COMPARISON_MODE=model-vs-existing
MODEL1_NAME=gpt-4o-mini
# MODEL2_NAME is not required in this mode

This mode is useful for:

Testing if a new model produces better tags than your current model
Evaluating whether to switch from one model to another
Quality assurance on existing AI tags

Note: This mode only compares bookmarks that already have AI-generated tags (tags with attachedBy: "ai").

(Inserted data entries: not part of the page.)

(* Let $\mathcal{G}_D$ be a bipartite planar graph with an isoradial embedding, let $(f_v(z))_v$ be a special discrete analytic function, and let $\mu$ be a measure on the plane such that the integrals $\int f_b(z)\,d\mu(z)$ are defined (absolutely convergent). Then $F(b)=\int f_b(z)\,d\mu(z)$, $b$ black, is a discrete analytic function, i.e. $\sum_{b\in B}\bar\partial(w,b)F(b)=0$ for every white vertex $w$.
   Context: An isoradial embedding of a planar graph is an embedding in which every face is inscribed in a circle of radius $1$ whose center lies in the closure of the face; the dual is embedded at the circumcenters. For each edge $e$ the rhombus $R(e)$ of side $1$ has as vertices the endpoints of $e$ and of its dual edge; rhombus edges join a vertex of $\mathcal{G}_D$ to a dual vertex. Vertices of $\mathcal{G}_D$ are black ($B$) or white. $\bar\partial$ is the symmetric matrix, zero on non-adjacent pairs, with $\bar\partial(w,b)=\bar\partial(b,w)=i(x-y)$ when $R(wb)$ has vertices $w,x,b,y$ in counterclockwise order (as complex numbers). A special discrete analytic function is a family of functions $f_v(z)$, indexed by the rhombus vertices $v$, such that for each rhombus edge from $v$ to $v'$ with $\mathcal{G}_D$-endpoint $u$, letting $e^{i\alpha}$ be the unit vector along the edge oriented away from $u$ if $u$ is white and towards $u$ if $u$ is black: $f_{v'}=f_v/(z-e^{i\alpha})$ if traversal from $v$ to $v'$ is in the direction of $e^{i\alpha}$, and $f_{v'}=f_v\cdot(z-e^{i\alpha})$ otherwise. *)

From HB Require Import structures.
From mathcomp Require Import all_boot all_order all_algebra.
From mathcomp Require Import complex.
From mathcomp Require Import all_classical all_reals all_analysis.
Set Implicit Arguments. Unset Strict Implicit. Unset Printing Implicit Defensive.
Import Order.TTheory GRing.Theory Num.Theory.
Local Open Scope ring_scope.

Section Geometry.
Variable R : realType.

Definition cre (z : R[i]) : R := complex.Re z.
Definition cim (z : R[i]) : R := complex.Im z.
Definition cnorm (z : R[i]) : R := ComplexField.Normc.normc z.
Definition expi (t : R) : R[i] := (cos t +i* sin t)%C.
Definition cdir (z : R[i]) : R[i] := z / ((cnorm z)%:C)%C.
(* cross product Im(conj a * b): > 0 iff b is counterclockwise from a *)
Definition cross (a b : R[i]) : R := cre a * cim b - cim a * cre b.
(* twice the signed area of the quadrilateral p0 p1 p2 p3 (shoelace);
   it is > 0 iff p0,p1,p2,p3 are in counterclockwise order *)
Definition area4 (p0 p1 p2 p3 : R[i]) : R :=
  cross (p1 - p0) (p2 - p0) + cross (p2 - p0) (p3 - p0).
End Geometry.

(* An embedded planar graph G_D given by a rotation system.                 *)
(*   D        : faces of G_D = vertices of the dual graph                   *)
(*   dpos f   : position of the dual vertex f (circumcenter of the face f)  *)
(*   nbr v j  : (j < deg v) the neighbours of v, in counterclockwise order   *)
(*   face v j : (j < deg v) the face between nbr v j and nbr v (j+1 mod deg) *)
(* Indices are always read modulo deg v.                                    *)
Section Graph.
Variables (R : realType) (V D : eqType).
Variables (pos : V -> R[i]) (dpos : D -> R[i]).
Variables (deg : V -> nat) (nbr : V -> nat -> V) (face : V -> nat -> D).

Definition nbseq (v : V) : seq V := [seq nbr v j | j <- iota 0 (deg v)].

Definition cnext (v : V) (j : nat) : nat := j.+1 %% deg v.
Definition cprev (v : V) (j : nat) : nat := (j + deg v).-1 %% deg v.

(* the interleaved cyclic sequence of rhombus-neighbour directions around v:
   edge to nbr v 0, face v 0, edge to nbr v 1, face v 1, ... *)
Definition rdir (v : V) (m : nat) : R[i] :=
  if odd m then dpos (face v m./2) - pos v else pos (nbr v m./2) - pos v.

(* Isoradial embedding of G_D (with its dual at the circumcenters):
   - simple, locally finite graph given by a rotation system whose faces are
     consistently labelled (combinatorial map);
   - straight-line embedding in which, around every vertex v, the edges and
     the centers of the faces are met in counterclockwise order, going
     around v exactly once; each face center lies (weakly) on the inner side
     of the edges of its face, i.e. in the closure of the face (the turning
     angles are in [0, pi/2], the base angles of the isosceles triangles
     (v, neighbour, center));
   - every face is inscribed in the circle of radius 1 centred at its dual
     vertex. *)
Definition isoradial_embedding : Prop :=
  (forall v, (0 < deg v)%N) /\
  (forall v, uniq (nbseq v) /\ v \notin nbseq v) /\
  (forall u v, (u \in nbseq v) = (v \in nbseq u)) /\
  (* combinatorial consistency of faces: the face between nbr v j and
     nbr v (j+1) is the face following v around nbr v (j+1), and the face
     preceding v around nbr v j *)
  (forall v j, (j < deg v)%N ->
     let u := nbr v (cnext v j) in face u (index v (nbseq u)) = face v j) /\
  (forall v j, (j < deg v)%N ->
     let u := nbr v j in face u (cprev u (index v (nbseq u))) = face v j) /\
  (forall v j, (j < deg v)%N -> pos (nbr v j) != pos v) /\
  (forall v, exists t : nat -> R,
     (forall m, (m < (deg v).*2)%N -> 0 <= t m <= pi / 2) /\
     \sum_(m < (deg v).*2) t m = 2 * pi /\
     (forall m, (m < (deg v).*2)%N ->
        cdir (rdir v (m.+1 %% (deg v).*2)) = cdir (rdir v m) * expi (t m))) /\
  (forall v j, (j < deg v)%N -> cnorm (dpos (face v j) - pos v) = 1).

Definition bipartite_colouring (black : V -> bool) : Prop :=
  forall v j, (j < deg v)%N -> black (nbr v j) != black v.

(* For the edge joining u to its j-th neighbour b, the
   dual edge joins face u (j-1) and face u j; dbar = i(x - y) where the
   rhombus R(ub) has vertices u, x, b, y in counterclockwise order. *)
Definition dbar_edge (u : V) (j : nat) : R[i] :=
  let b := pos (nbr u j) in
  let x := dpos (face u (cprev u j)) in
  let y := dpos (face u j) in
  if 0 <= area4 (pos u) x b y then 'i%C * (x - y) else 'i%C * (y - x).

Definition dbar (u v : V) : R[i] :=
  let j := index v (nbseq u) in
  if (j < deg u)%N then dbar_edge u j else 0.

Bookmarks without AI tags are automatically filtered out.

Usage Flow

The tool fetches your latest link bookmarks from Karakeep
- In model-vs-existing mode, only bookmarks with existing AI tags are included
For each bookmark, it randomly assigns the options to "Model A" or "Model B" and runs tagging

You'll see a side-by-side comparison (randomly shuffled each time):

=== Bookmark 1/10 ===
How to Build Better AI Systems
https://example.com/article
This article explores modern approaches to...

─────────────────────────────────────

Model A (blind):
  • ai
  • machine-learning
  • engineering

Model B (blind):
  • artificial-intelligence
  • ML
  • software-development

─────────────────────────────────────

Which tags do you prefer? [1=Model A, 2=Model B, s=skip, q=quit] >

Choose your preference:
- 1 - Vote for Model A
- 2 - Vote for Model B
- s or skip - Skip this comparison
- q or quit - Exit early and show current results

After completing all comparisons (or quitting early), results are displayed:

───────────────────────────────────────
=== FINAL RESULTS ===
───────────────────────────────────────
gpt-4o-mini: 6 votes
claude-3-5-sonnet: 3 votes
Skipped: 1
Errors: 0
───────────────────────────────────────
Total bookmarks tested: 10

🏆 WINNER: gpt-4o-mini
───────────────────────────────────────

The actual model names are only shown in the final results - during voting you see only "Model A" and "Model B"

Bookmark Filtering

The tool currently tests only:

Link-type bookmarks (not text notes or assets)
Non-archived bookmarks
Latest N bookmarks (where N is COMPARE_LIMIT)
In model-vs-existing mode: Only bookmarks with existing AI tags (tags with attachedBy: "ai")

Architecture

This tool leverages Karakeep's shared infrastructure:

API Client: Uses @karakeep/sdk for type-safe API interactions with proper authentication
Inference: Reuses @karakeep/shared/inference for OpenAI client with structured output support
Prompts: Uses @karakeep/shared/prompts for consistent tagging prompt generation with token management
No code duplication - all core functionality is shared with the main Karakeep application

Error Handling

If a model fails to generate tags for a bookmark, an error is shown and comparison continues
Errors are counted separately in final results
Missing required environment variables will cause the tool to exit with a clear error message

Build

To build a standalone binary:

pnpm build

The built binary will be in dist/index.js.

Notes

The tool is designed for manual, human-in-the-loop evaluation
No results are persisted - they're only displayed in console
Content is fetched with includeContent=true from Karakeep API
Uses Karakeep SDK (@karakeep/sdk) for type-safe API interactions
Inference runs sequentially to keep state management simple
Recommended to use pnpm run for the best experience (uses tsx for development)
Random shuffling: For each bookmark, models are randomly assigned to "Model A" or "Model B" to eliminate position bias. The actual model names are only revealed in the final results.